Kekhawatiran banyak pihak mengenai imbas ekonomi pasca penembakan pesawat Su-24 milik Rusia oleh pesawat Turki mulai terbukti. Balas dendam Presiden Putin kemudian dinyatakan dengan rencana sanksi ekonomi terhadap Turki. Apakah sanksi itu akan efektif? Kita mesti melihat hubungan ekonomi antara kedua negara untuk menjawabnya. Â Sepintas lalu kita sudah bisa menebak Rusia jauh lebih punya posisi tawar dibanding Turki. Namun agar dapat melihat lebih jelas mari kita amati neraca perdagangan kedua negara.
Pada akhir tahun 2014, nilai ekspor Rusia ke Turki sebesar US$24,7 miliar, sedangkan nilai ekspor Turki ke Rusia sebesar US$5,9 miliar. Jadi neraca perdagangan Rusia terhadap Turki surplus sekitar US$18,8 miliar, sebaliknya neraca perdagangan Turki terhadap Rusia defisit. Kemudian jika melihat export share masing-masing negara, terlihat posisi Rusia lebih berdigdaya. Total ekspor Turki tahun 2014 sebesar US$13,3 miliar, artinya ekspor ke Rusia mengambil porsi 44,36% dari total ekspor. Ini sebenarnya sudah cukup mendongkrak neraca perdagangan Turki yang selama tahun ini selalu defisit. Sedangkan total ekspor Rusia US$492,1 miliar, dengan demikian ekspor ke Turki mengambil porsi hanya 5%.
Artinya melihat statistik sederhana tersebut, kelihatan kalau posisi Rusia terhadap Turki sebagai mitra  perdagangan sangat strategis.

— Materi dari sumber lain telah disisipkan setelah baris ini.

Lemma rspan_mono k k' r : (k <= k')%N -> rspan k r -> rspan k' r.
Proof.
move=> hk; elim=> [s b ok hs hb|r1 r2 _ IH1 _ IH2]; last exact: rspan_add.
by apply: rspan_word => //; apply: leq_trans hk.
Qed.

Lemma lspanB k b : (0 < k)%N -> b \in B -> lspan k b.
Proof.
by move=> hk hb; have := lspan_word (word_ok_nil _) hk hb; rewrite /word_prod big_nil mul1r.
Qed.

Lemma rspanB k b : (0 < k)%N -> b \in B -> rspan k b.
Proof.
by move=> hk hb; have := rspan_word (word_ok_nil _) hk hb; rewrite /word_prod big_nil mulr1.
Qed.

Lemma lspan_mulB k l b : b \in B -> lspan k l -> lspan k (l * b).
Proof.
move=> hb; elim=> [s b' ok hs hb'|l1 l2 _ IH1 _ IH2]; last by rewrite mulrDl; apply: lspan_add.
by rewrite -mulrA; apply: lspan_word => //; apply: (ce_memM hE).
Qed.

Lemma rspan_Bmul k r b : b \in B -> rspan k r -> rspan k (b * r).
Proof.
move=> hb; elim=> [s b' ok hs hb'|r1 r2 _ IH1 _ IH2]; last by rewrite mulrDr; apply: rspan_add.
by rewrite mulrA; apply: rspan_word => //; apply: (ce_memM hE).
Qed.

Lemma lspan_mulA k i l a : (1 <= i <= 3)%N -> Alg i a -> lspan k l -> lspan i.+1 (l * a).
Proof.
move=> hi ha; elim=> [s b ok hs hb|l1 l2 _ IH1 _ IH2]; last by rewrite mulrDl; apply: lspan_add.
have -> : word_prod s * b * a = word_prod (rcons s (i, b * a)) * 1.
  by rewrite mulr1 -cats1 /word_prod big_cat big_seq1 /= mulrA.
apply: lspan_word (ce_mem1 hE); last by rewrite /last_index map_rcons last_rcons.
by rewrite -cats1; apply/word_ok_cat/word_ok_cons/word_ok_nil => //; apply: Alg_lmul.
Qed.

Lemma rspan_Amul k i r a : (1 <= i <= 3)%N -> Alg i a -> rspan k r -> rspan i.+1 (a * r).
Proof.
move=> hi ha; elim=> [s b ok hs hb|r1 r2 _ IH1 _ IH2]; last by rewrite mulrDr; apply: rspan_add.
have -> : a * (b * word_prod s) = 1 * word_prod ((i, a * b) :: s).
  by rewrite mul1r /word_prod big_cons /= mulrA.
by apply: rspan_word (ce_mem1 hE) => //; apply: word_ok_cons => //; apply: Alg_rmul.
Qed.

Lemma lspan_sum k (I : Type) (rI : seq I) (P : pred I) (F : I -> A) :
  (0 < k)%N -> (forall i, P i -> lspan k (F i)) -> lspan k (\sum_(i <- rI | P i) F i).
Proof. by move=> hk hF; apply: big_ind => //; [apply: lspanB (ce_mem0 hE)|apply: lspan_add]. Qed.

Lemma rspan_sum k (I : Type) (rI : seq I) (P : pred I) (F : I -> A) :
  (0 < k)%N -> (forall i, P i -> rspan k (F i)) -> rspan k (\sum_(i <- rI | P i) F i).
Proof. by move=> hk hF; apply: big_ind => //; [apply: rspanB (ce_mem0 hE)|apply: rspan_add]. Qed.

Lemma monotone3_span_peak i a l r : (1 <= i <= 3)%N -> Alg i a ->
  lspan i l -> rspan i r -> E (l * a * r) = E (l * E a * r).
Proof.
move=> hi ha hl; elim: hl r => [s b ok hs hb|l1 l2 _ IH1 _ IH2] r hr; last first.
  by rewrite !mulrDl !(ce_add hE) IH1 ?IH2.
elim: hr => [s' b' ok' hs' hb'|r1 r2 _ IHa _ IHb]; last by rewrite !mulrDr !(ce_add hE) IHa IHb.
have regroup c : word_prod s * b * c * (b' * word_prod s') =
    word_prod s * (b * c * b') * word_prod s' by rewrite !mulrA.
rewrite !regroup (monotone3_word_peak hM ok ok' hi _ hs hs'); last exact/Alg_rmul/Alg_lmul.
by rewrite (ce_bimodule hE _ hb hb').
Qed.

Lemma Alg_exp i y j : Alg i y -> Alg i (y ^+ j.+1).
Proof. by move=> hy; elim: j => [|j IH]; rewrite ?expr1 // exprS; apply: Alg_mul. Qed.

Lemma rspan_exprD x y m t :
  Alg 1 x -> Alg 3 y -> rspan 4 t -> rspan 4 ((x + y) ^+ m * t).
Proof.
move=> hx hy ht; elim: m => [|m IH]; first by rewrite expr0 mul1r.
rewrite exprS -mulrA mulrDl; apply: rspan_add; last exact: rspan_Amul IH.
by apply: (@rspan_mono 2) => //; apply: rspan_Amul IH.
Qed.

Lemma monotone3_exp_peak y j l r : Alg 3 y -> lspan 3 l -> rspan 3 r ->
  E (l * y ^+ j * r) = E (l * E (y ^+ j) * r).
Proof.
case: j => [|j] hy hl hr; first by rewrite expr0 (ce_id hE (ce_mem1 hE)).
exact: (monotone3_span_peak _ (Alg_exp _ hy)).
Qed.

Lemma expectation_exprD x y n l t : Alg 1 x -> Alg 3 y -> lspan 3 l -> rspan 3 t ->
  E (l * (x + y) ^+ n * t) = E (l * chain_sum E x y n * t).
Proof.
move=> hx hy; elim/ltn_ind: n l t => n IH l t hl ht.
rewrite exprD_split_first chain_sum_rec !mulrDr !mulrDl !(ce_add hE).
congr (_ + _); first exact: monotone3_exp_peak.
rewrite !mulr_sumr !mulr_suml !(ce_sum hE); apply: eq_bigr => j _.
have rest : rspan 3 (x * ((x + y) ^+ (n.-1 - j) * t)).
  apply: (@rspan_mono 2) => //; apply: (@rspan_Amul 4) => //.
  exact/rspan_exprD/(rspan_mono _ ht).
have head : lspan 3 (l * E (y ^+ j) * x).
  apply: (@lspan_mono 2) => //; apply: lspan_mulA hx _ => //.
  exact: lspan_mulB (ce_memE hE _) hl.
have -> : l * (y ^+ j * x * (x + y) ^+ (n.-1 - j)) * t =
    l * y ^+ j * (x * ((x + y) ^+ (n.-1 - j) * t)) by rewrite !mulrA.
by rewrite monotone3_exp_peak // !mulrA IH //; have := ltn_ord j; lia.
Qed.

Lemma lspan_chain x y s : Alg 1 x -> lspan 2 (chain E x y s).
Proof.
move=> hx; case: s => [|q0 qs] /=; first exact: lspanB (ce_mem1 hE).
elim: qs (E (y ^+ q0)) (@lspanB 2 _ isT (ce_memE hE (y ^+ q0))) => [|q qs IH] l hl.
  by rewrite big_nil mulr1.
rewrite big_cons mulrA; apply: IH; rewrite mulrA.
by apply: lspan_mulB (ce_memE hE _) _; apply: lspan_mulA hx hl.
Qed.

Lemma rspan_chain x y s : Alg 1 x -> rspan 2 (chain E x y s).
Proof.
move=> hx; case: s => [|q0 qs] /=; first exact: rspanB (ce_mem1 hE).
apply: rspan_Bmul (ce_memE hE _) _; elim: qs => [|q qs IH].
  by rewrite big_nil; apply: rspanB (ce_mem1 hE).
by rewrite big_cons; apply: (@rspan_Amul 2) IH => //; apply: Alg_rmul (ce_memE hE _) hx.
Qed.

Theorem expectation_sandwich x1 x2 y1 y2 w n m :
  Alg 1 x1 -> Alg 1 x2 -> Alg 3 y1 -> Alg 3 y2 -> Alg 2 w ->
  E ((x1 + y1) ^+ n * w * (x2 + y2) ^+ m) =
  E (chain_sum E x1 y1 n * E w * chain_sum E x2 y2 m).
Proof.
move=> hx1 hx2 hy1 hy2 hw.
have B1 := ce_mem1 hE.
have left1 : lspan 3 1 by apply: lspanB.
have right1 : rspan 3 1 by apply: rspanB.
have left_chains : lspan 2 (chain_sum E x1 y1 n).
  by apply: lspan_sum => // k _; apply: lspan_sum => // s _; apply: lspan_chain.
have left_w : lspan 3 (chain_sum E x1 y1 n * w) by apply: lspan_mulA left_chains.
have right_chains : rspan 2 (chain_sum E x2 y2 m).
  by apply: rspan_sum => // k _; apply: rspan_sum => // s _; apply: rspan_chain.
have right_w : rspan 3 (w * (x2 + y2) ^+ m).
  apply: (@rspan_Amul 4) => //; rewrite -[_ ^+ m]mulr1.
  exact/rspan_exprD/rspanB.
have -> : (x1 + y1) ^+ n * w * (x2 + y2) ^+ m = 1 * (x1 + y1) ^+ n * (w * (x2 + y2) ^+ m).
  by rewrite mul1r mulrA.
rewrite expectation_exprD // mul1r mulrA -[_ * _ ^+ m]mulr1 expectation_exprD //.
by rewrite mulr1 (@monotone3_span_peak 2).
Qed.

End MonotoneExpansion.

Theorem lemma3p3 (A : nzRingType) (B : pred A) (E : A -> A)
    (x1 x2 y1 y2 w : A) :
  cond_expectation B E ->
  monotone3 E (fun i => if i == 1%N then gen_alg B (pred2 x1 x2)
                        else if i == 2%N then gen_alg B (pred1 w)
                        else gen_alg B (pred2 y1 y2)) ->
  forall n m : nat,
    E (((x1 + y1) ^+ n) * w * ((x2 + y2) ^+ m)) =
    \sum_(k < n.+1) \sum_(l < m.+1)
      \sum_(q : (k.+1).-tuple 'I_(n - k).+1 | (\sum_(i <- q) val i)%N == (n - k)%N)
      \sum_(p : (l.+1).-tuple 'I_(m - l).+1 | (\sum_(i <- p) val i)%N == (m - l)%N)
        E (chain E x1 y1 (map val q) * E w * chain E x2 y2 (map val p)).
Proof.
move=> hE hM n m; set Alg := (fun i => _) in hM.
have Alg_lmul i b a : b \in B -> Alg i a -> Alg i (b * a).
  by rewrite /Alg; case: ifP => _; [|case: ifP => _]; exact: gen_lmul.
have Alg_rmul i a b : b \in B -> Alg i a -> Alg i (a * b).
  by rewrite /Alg; case: ifP => _; [|case: ifP => _]; exact: gen_rmul.
have Alg_mul i a c : Alg i a -> Alg i c -> Alg i (a * c).
  by rewrite /Alg; case: ifP => _; [|case: ifP => _]; exact: gen_mul.
rewrite (expectation_sandwich hE hM Alg_lmul Alg_rmul Alg_mul);
  try by apply: gen_base; rewrite !inE eqxx ?orbT.
rewrite !chain_sum_tuples !mulr_suml (ce_sum hE); apply: eq_bigr => k _.
rewrite [RHS]exchange_big /= !mulr_suml (ce_sum hE); apply: eq_bigr => q _.
rewrite mulr_sumr (ce_sum hE); apply: eq_bigr => l _.
by rewrite mulr_sumr (ce_sum hE).
Qed.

Hal ini diamini portal berita Turki berbahasa Inggris, todayszaman.com, yang beberapa saat setelah penembakan jet Rusia tersebut melansir berita mengenai kekhawatiran pelaku usaha di Turki terhadap aksi balas dendam Rusia lewat jalur ekonomi.
Selama ini sebagian besar pasokan energi Turki terutama gas, disuplai dari Rusia. Rusia menyuplai 60% dari kebutuhan gas, serta 35% kebutuhan minyak di Turki. Rusia punya andil besar pada beberapa  mega proyek di Turki seperti misalnya  rencana pembangunan pembangkit listrik tenaga nuklir senilai USD20 miliar dolar.
Turki juga memperoleh bantuan pinjaman dari Rusia, seperti misalnya beberapa bulan lalu pihak Turki  menandatangani kontrak utang sebesar 500 juta Euro untuk pembangunan infrastruktur bandara di Istambul.
Berbicara pariwisata, kunjungan wisatawan Rusia ke Turki menempati urutan kedua terbanyak dibawah Jerman. Tercatat 3,3 juta wisatawan Rusia mengunjungi Turki tahun lalu.
Jika benar-benar Rusia menghentikan impor makanan dari Turki, pengusaha Turki akan benar-benar terpukul. Selama ini, Rusia adalah pengimpor terbesar produk buah-buahan dan sayur-sayuran dari Turki.
Data lain, ada lebih dari 36.000 warga negara Turki yang mencari nafkah di Rusia. Diperkirakan uang investor Turki yang berputar di Rusia mencapai USD6,5 miliar dalam 30 brand perusahaan yang beroperasi di lebih dari 7.000 toko di Rusia. Kendati statistik terkininya bisa lebih rendah  akibat imbas krisis ekonomi yang juga menghempas Rusia belum lama ini.
Memang hubungan ekonomi bilateral, kedua belah pihak mestinya saling membutuhkan dan saling menguntungkan. Namun melihat posisi perdagangan kedua negara memang kelihatannya Turki akan merasakan akibat terburuk jika terjadi pembekuan aktivitas ekonomi kedua negara.
Vladimir Putin telah mewanti-wanti akan memberikan sanksi ekonomi seperti larangan impor sejumlah produk dan komoditas asal Turki, pembekuan kegiatan operasional sejumlah organisasi asal Turki di Rusia, larangan menerima pekerja baru asal Turki dan penghentian kerja sama bebas visa (internasional.kompas.com).